» **EXERCISE**
Given the entries that follow, write out exactly the lines starting at the one containing "subseq (a :: w" and ending at the one containing "by move/cons_subseq; apply: subseq_trans;", both ends included, and only those.

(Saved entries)
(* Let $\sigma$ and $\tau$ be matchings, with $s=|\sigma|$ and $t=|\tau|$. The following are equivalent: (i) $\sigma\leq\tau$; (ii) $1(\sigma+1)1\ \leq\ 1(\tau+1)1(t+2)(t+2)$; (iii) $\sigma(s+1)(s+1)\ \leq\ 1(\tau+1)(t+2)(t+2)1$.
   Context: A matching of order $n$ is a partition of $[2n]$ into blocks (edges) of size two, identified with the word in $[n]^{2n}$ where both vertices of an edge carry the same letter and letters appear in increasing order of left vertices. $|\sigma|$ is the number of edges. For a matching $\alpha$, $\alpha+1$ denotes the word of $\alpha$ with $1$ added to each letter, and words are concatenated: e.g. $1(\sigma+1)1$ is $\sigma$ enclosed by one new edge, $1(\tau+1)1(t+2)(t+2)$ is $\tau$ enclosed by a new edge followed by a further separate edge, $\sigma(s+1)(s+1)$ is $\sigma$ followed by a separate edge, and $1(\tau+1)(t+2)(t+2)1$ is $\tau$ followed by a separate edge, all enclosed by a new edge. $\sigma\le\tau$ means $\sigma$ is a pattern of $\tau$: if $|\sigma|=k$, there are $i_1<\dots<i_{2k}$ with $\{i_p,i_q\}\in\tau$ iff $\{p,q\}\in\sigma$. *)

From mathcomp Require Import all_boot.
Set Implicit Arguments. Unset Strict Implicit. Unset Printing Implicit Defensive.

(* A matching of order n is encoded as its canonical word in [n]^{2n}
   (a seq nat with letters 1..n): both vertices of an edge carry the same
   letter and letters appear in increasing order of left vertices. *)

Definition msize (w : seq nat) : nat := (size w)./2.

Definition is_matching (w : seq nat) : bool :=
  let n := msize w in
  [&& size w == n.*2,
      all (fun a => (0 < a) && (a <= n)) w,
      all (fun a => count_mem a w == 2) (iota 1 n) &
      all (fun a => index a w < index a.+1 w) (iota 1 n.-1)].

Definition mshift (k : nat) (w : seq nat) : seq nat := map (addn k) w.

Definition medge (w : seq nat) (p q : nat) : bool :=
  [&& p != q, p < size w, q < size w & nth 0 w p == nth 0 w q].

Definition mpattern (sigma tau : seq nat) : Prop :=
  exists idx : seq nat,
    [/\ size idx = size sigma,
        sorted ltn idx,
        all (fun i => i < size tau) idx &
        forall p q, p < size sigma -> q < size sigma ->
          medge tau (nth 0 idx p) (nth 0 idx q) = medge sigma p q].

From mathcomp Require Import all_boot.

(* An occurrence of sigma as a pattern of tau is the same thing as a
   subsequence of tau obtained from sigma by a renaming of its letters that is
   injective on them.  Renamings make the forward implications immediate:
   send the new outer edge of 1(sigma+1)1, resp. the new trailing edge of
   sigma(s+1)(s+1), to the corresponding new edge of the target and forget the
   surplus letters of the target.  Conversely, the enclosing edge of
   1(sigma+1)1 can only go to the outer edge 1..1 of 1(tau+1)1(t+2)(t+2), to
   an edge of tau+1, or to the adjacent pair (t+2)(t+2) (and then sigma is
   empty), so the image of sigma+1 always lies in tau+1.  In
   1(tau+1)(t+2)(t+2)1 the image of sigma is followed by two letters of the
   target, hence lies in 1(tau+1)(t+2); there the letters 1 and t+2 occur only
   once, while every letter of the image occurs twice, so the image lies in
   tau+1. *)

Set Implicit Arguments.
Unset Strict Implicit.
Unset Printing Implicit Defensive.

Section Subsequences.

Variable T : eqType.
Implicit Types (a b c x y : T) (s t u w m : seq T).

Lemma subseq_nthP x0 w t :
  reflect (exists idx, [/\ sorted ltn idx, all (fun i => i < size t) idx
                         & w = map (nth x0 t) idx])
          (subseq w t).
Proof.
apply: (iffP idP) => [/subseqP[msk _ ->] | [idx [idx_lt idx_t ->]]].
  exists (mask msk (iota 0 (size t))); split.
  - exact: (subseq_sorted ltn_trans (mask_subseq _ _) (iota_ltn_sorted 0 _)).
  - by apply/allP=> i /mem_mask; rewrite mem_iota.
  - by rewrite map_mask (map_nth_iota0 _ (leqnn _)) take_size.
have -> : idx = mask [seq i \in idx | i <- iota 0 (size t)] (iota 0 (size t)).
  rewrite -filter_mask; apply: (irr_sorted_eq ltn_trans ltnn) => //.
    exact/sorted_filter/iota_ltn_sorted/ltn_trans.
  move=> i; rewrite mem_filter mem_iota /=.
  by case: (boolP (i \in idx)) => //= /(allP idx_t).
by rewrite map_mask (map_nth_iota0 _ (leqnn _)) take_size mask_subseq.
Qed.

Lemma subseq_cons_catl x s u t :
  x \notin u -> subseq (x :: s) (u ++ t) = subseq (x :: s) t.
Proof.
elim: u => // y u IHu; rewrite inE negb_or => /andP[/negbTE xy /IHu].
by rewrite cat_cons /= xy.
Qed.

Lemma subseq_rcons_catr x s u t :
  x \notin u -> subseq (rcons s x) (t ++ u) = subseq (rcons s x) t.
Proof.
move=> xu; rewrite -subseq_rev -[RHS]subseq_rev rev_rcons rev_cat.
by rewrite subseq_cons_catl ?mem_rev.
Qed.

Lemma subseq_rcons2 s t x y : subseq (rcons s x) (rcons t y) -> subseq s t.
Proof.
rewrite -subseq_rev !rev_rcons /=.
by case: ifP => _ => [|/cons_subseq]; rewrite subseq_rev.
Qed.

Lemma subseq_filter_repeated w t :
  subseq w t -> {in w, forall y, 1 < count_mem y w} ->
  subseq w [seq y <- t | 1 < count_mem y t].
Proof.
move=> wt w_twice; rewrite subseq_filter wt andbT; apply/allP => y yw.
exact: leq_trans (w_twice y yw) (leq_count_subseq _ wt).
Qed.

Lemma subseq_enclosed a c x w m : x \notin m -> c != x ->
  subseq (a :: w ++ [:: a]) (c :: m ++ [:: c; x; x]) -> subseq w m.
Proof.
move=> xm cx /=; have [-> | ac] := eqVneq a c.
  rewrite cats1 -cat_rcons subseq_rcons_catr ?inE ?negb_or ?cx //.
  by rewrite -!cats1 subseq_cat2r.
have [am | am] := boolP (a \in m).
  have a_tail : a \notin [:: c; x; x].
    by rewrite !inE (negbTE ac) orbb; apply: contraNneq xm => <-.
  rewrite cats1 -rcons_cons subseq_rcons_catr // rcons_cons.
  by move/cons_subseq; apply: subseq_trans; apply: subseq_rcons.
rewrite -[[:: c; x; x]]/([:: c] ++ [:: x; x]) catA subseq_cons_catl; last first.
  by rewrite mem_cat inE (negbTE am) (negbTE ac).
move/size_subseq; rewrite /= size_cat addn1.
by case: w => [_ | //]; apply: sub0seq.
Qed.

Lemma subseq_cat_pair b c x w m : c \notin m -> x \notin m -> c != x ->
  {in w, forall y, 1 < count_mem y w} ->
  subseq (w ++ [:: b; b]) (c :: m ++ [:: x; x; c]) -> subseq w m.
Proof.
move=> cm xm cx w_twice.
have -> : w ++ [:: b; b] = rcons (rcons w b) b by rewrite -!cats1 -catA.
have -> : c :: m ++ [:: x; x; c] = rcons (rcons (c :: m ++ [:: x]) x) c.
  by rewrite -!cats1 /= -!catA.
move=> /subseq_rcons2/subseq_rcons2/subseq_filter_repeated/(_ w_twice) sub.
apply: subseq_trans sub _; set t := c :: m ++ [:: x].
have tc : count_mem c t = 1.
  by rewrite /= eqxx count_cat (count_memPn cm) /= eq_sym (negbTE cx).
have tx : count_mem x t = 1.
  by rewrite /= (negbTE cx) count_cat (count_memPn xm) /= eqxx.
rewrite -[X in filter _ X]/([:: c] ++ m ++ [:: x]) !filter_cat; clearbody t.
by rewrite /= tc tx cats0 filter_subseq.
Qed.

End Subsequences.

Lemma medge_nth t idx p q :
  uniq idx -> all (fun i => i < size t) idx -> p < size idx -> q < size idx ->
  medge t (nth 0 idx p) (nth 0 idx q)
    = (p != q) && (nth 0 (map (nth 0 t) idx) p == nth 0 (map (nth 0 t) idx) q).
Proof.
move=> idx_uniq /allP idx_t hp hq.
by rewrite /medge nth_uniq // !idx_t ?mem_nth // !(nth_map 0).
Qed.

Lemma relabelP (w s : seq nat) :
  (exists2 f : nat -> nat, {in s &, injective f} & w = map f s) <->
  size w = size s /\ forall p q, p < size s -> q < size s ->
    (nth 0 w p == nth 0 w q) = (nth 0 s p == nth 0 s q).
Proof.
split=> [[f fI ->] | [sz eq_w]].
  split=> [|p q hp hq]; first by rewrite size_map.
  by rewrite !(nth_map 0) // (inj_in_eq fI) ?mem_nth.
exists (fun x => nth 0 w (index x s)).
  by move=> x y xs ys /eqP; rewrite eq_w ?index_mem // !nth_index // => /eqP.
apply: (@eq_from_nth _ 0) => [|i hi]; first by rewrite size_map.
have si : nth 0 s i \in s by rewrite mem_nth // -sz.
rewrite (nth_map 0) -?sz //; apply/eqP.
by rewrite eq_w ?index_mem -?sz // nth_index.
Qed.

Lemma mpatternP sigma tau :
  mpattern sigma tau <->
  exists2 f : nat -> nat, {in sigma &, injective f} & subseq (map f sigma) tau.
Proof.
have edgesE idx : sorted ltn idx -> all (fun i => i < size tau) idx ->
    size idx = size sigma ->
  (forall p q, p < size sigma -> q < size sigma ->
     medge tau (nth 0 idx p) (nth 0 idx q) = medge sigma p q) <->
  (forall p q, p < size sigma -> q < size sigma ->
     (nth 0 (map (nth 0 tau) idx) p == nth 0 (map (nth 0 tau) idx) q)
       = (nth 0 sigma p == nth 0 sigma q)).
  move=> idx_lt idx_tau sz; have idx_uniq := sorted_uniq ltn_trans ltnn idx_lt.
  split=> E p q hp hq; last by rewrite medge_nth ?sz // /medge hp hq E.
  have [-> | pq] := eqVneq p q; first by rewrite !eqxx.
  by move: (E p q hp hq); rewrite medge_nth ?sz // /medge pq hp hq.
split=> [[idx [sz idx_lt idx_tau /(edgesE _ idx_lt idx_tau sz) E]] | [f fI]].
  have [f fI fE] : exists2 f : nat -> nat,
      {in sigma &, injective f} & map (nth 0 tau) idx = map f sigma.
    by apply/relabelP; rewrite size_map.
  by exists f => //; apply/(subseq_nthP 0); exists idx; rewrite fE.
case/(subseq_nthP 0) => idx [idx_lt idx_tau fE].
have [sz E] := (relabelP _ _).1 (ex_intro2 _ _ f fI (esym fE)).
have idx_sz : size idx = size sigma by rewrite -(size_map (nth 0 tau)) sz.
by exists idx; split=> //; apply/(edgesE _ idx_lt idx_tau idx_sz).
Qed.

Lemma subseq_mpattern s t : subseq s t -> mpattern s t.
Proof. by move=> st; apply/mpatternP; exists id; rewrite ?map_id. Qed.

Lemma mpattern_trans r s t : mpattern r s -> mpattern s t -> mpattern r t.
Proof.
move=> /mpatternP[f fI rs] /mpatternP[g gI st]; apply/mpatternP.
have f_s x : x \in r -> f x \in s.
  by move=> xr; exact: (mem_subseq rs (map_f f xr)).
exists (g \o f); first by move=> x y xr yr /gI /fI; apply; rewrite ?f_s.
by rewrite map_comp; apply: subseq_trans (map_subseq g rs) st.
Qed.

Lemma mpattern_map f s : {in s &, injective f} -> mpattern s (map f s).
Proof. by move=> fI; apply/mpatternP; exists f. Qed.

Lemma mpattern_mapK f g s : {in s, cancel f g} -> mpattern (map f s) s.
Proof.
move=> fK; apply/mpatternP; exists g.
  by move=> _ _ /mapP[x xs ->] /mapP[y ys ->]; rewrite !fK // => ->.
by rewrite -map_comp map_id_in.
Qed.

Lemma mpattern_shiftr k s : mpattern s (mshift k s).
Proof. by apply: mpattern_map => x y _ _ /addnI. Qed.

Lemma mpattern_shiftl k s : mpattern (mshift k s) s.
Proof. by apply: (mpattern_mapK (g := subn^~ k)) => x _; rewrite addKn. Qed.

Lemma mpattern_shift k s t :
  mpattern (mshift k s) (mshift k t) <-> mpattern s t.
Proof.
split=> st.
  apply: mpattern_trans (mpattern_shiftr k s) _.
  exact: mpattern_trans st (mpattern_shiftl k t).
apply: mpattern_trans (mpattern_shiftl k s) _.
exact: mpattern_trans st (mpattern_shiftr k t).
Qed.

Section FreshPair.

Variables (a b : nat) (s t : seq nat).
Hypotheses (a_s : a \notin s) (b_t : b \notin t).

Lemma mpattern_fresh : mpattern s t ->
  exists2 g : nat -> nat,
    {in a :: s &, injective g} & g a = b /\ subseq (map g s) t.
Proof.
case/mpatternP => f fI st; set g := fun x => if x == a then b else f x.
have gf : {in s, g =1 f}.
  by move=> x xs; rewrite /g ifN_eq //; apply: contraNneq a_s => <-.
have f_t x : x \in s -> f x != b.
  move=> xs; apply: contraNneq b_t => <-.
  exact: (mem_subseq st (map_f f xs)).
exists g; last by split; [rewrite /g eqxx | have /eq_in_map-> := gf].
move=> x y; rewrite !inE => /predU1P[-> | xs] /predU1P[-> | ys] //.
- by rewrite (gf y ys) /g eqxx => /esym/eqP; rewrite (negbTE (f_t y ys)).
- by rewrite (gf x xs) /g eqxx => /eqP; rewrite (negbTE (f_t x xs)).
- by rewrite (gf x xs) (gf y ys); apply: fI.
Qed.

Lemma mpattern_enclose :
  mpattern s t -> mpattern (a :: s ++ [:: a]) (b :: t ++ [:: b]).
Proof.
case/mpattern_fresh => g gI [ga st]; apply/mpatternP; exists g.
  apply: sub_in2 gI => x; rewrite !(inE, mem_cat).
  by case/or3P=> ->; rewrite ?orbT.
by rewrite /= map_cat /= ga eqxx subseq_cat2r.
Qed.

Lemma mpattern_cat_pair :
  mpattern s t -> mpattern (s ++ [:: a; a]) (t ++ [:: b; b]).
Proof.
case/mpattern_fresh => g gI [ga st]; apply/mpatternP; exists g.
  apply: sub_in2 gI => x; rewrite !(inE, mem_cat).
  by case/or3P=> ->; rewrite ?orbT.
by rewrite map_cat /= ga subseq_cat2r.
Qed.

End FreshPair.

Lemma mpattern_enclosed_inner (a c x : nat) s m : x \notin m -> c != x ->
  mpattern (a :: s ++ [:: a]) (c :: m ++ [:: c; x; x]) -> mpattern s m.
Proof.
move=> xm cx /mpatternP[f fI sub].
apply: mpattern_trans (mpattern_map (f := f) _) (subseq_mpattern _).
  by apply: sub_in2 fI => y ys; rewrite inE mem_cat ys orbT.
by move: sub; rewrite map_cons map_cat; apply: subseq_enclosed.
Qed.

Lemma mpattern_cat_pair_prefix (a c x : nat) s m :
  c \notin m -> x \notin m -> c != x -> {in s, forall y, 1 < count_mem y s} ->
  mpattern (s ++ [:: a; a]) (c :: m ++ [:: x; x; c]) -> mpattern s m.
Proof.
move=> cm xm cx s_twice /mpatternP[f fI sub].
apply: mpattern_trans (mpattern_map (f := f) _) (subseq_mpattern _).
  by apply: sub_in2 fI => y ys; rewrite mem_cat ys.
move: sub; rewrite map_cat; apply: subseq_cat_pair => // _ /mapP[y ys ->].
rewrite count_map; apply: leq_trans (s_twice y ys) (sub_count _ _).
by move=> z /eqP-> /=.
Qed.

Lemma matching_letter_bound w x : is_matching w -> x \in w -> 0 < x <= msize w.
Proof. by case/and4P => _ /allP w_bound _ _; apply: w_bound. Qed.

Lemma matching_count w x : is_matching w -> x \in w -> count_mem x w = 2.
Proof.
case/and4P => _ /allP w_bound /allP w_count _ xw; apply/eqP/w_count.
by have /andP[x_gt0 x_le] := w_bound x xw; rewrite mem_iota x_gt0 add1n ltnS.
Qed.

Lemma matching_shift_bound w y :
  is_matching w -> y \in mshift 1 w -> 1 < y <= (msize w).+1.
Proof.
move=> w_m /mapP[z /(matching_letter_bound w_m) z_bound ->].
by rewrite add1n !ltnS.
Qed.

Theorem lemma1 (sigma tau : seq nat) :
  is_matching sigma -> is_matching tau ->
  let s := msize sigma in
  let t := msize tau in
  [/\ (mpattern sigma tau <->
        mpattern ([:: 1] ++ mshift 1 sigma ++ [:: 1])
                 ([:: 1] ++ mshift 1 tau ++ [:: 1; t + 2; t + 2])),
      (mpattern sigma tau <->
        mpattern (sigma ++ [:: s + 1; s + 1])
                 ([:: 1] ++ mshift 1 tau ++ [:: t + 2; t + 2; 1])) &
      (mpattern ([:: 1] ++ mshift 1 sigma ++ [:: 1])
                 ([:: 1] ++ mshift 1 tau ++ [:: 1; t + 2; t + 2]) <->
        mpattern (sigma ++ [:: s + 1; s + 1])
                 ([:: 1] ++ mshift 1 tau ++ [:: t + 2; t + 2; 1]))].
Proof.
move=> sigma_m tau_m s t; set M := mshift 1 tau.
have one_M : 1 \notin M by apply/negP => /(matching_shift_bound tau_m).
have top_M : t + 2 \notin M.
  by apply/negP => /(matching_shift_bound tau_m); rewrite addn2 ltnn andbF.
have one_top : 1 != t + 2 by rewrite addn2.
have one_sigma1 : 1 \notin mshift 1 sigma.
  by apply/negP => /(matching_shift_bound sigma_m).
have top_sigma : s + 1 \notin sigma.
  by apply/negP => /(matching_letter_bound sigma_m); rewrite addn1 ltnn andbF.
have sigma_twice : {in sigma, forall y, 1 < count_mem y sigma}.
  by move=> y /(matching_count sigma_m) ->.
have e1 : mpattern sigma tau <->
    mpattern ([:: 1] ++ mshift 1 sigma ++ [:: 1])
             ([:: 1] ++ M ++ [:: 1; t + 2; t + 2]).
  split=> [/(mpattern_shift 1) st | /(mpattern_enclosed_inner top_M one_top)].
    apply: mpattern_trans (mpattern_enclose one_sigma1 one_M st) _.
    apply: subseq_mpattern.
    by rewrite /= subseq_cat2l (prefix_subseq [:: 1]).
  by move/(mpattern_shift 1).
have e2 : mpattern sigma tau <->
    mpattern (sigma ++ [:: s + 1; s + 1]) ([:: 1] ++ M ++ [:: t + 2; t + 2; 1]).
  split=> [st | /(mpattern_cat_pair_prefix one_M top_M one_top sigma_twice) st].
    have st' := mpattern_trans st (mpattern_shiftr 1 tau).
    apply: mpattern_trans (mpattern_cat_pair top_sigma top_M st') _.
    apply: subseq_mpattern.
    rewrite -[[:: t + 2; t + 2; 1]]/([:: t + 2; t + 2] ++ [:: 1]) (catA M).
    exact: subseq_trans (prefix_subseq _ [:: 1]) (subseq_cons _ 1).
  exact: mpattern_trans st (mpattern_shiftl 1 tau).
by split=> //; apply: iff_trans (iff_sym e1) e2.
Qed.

» **OUTPUT**
  subseq (a :: w ++ [:: a]) (c :: m ++ [:: c; x; x]) -> subseq w m.
Proof.
move=> xm cx /=; have [-> | ac] := eqVneq a c.
  rewrite cats1 -cat_rcons subseq_rcons_catr ?inE ?negb_or ?cx //.
  by rewrite -!cats1 subseq_cat2r.
have [am | am] := boolP (a \in m).
  have a_tail : a \notin [:: c; x; x].
    by rewrite !inE (negbTE ac) orbb; apply: contraNneq xm => <-.
  rewrite cats1 -rcons_cons subseq_rcons_catr // rcons_cons.
  by move/cons_subseq; apply: subseq_trans; apply: subseq_rcons.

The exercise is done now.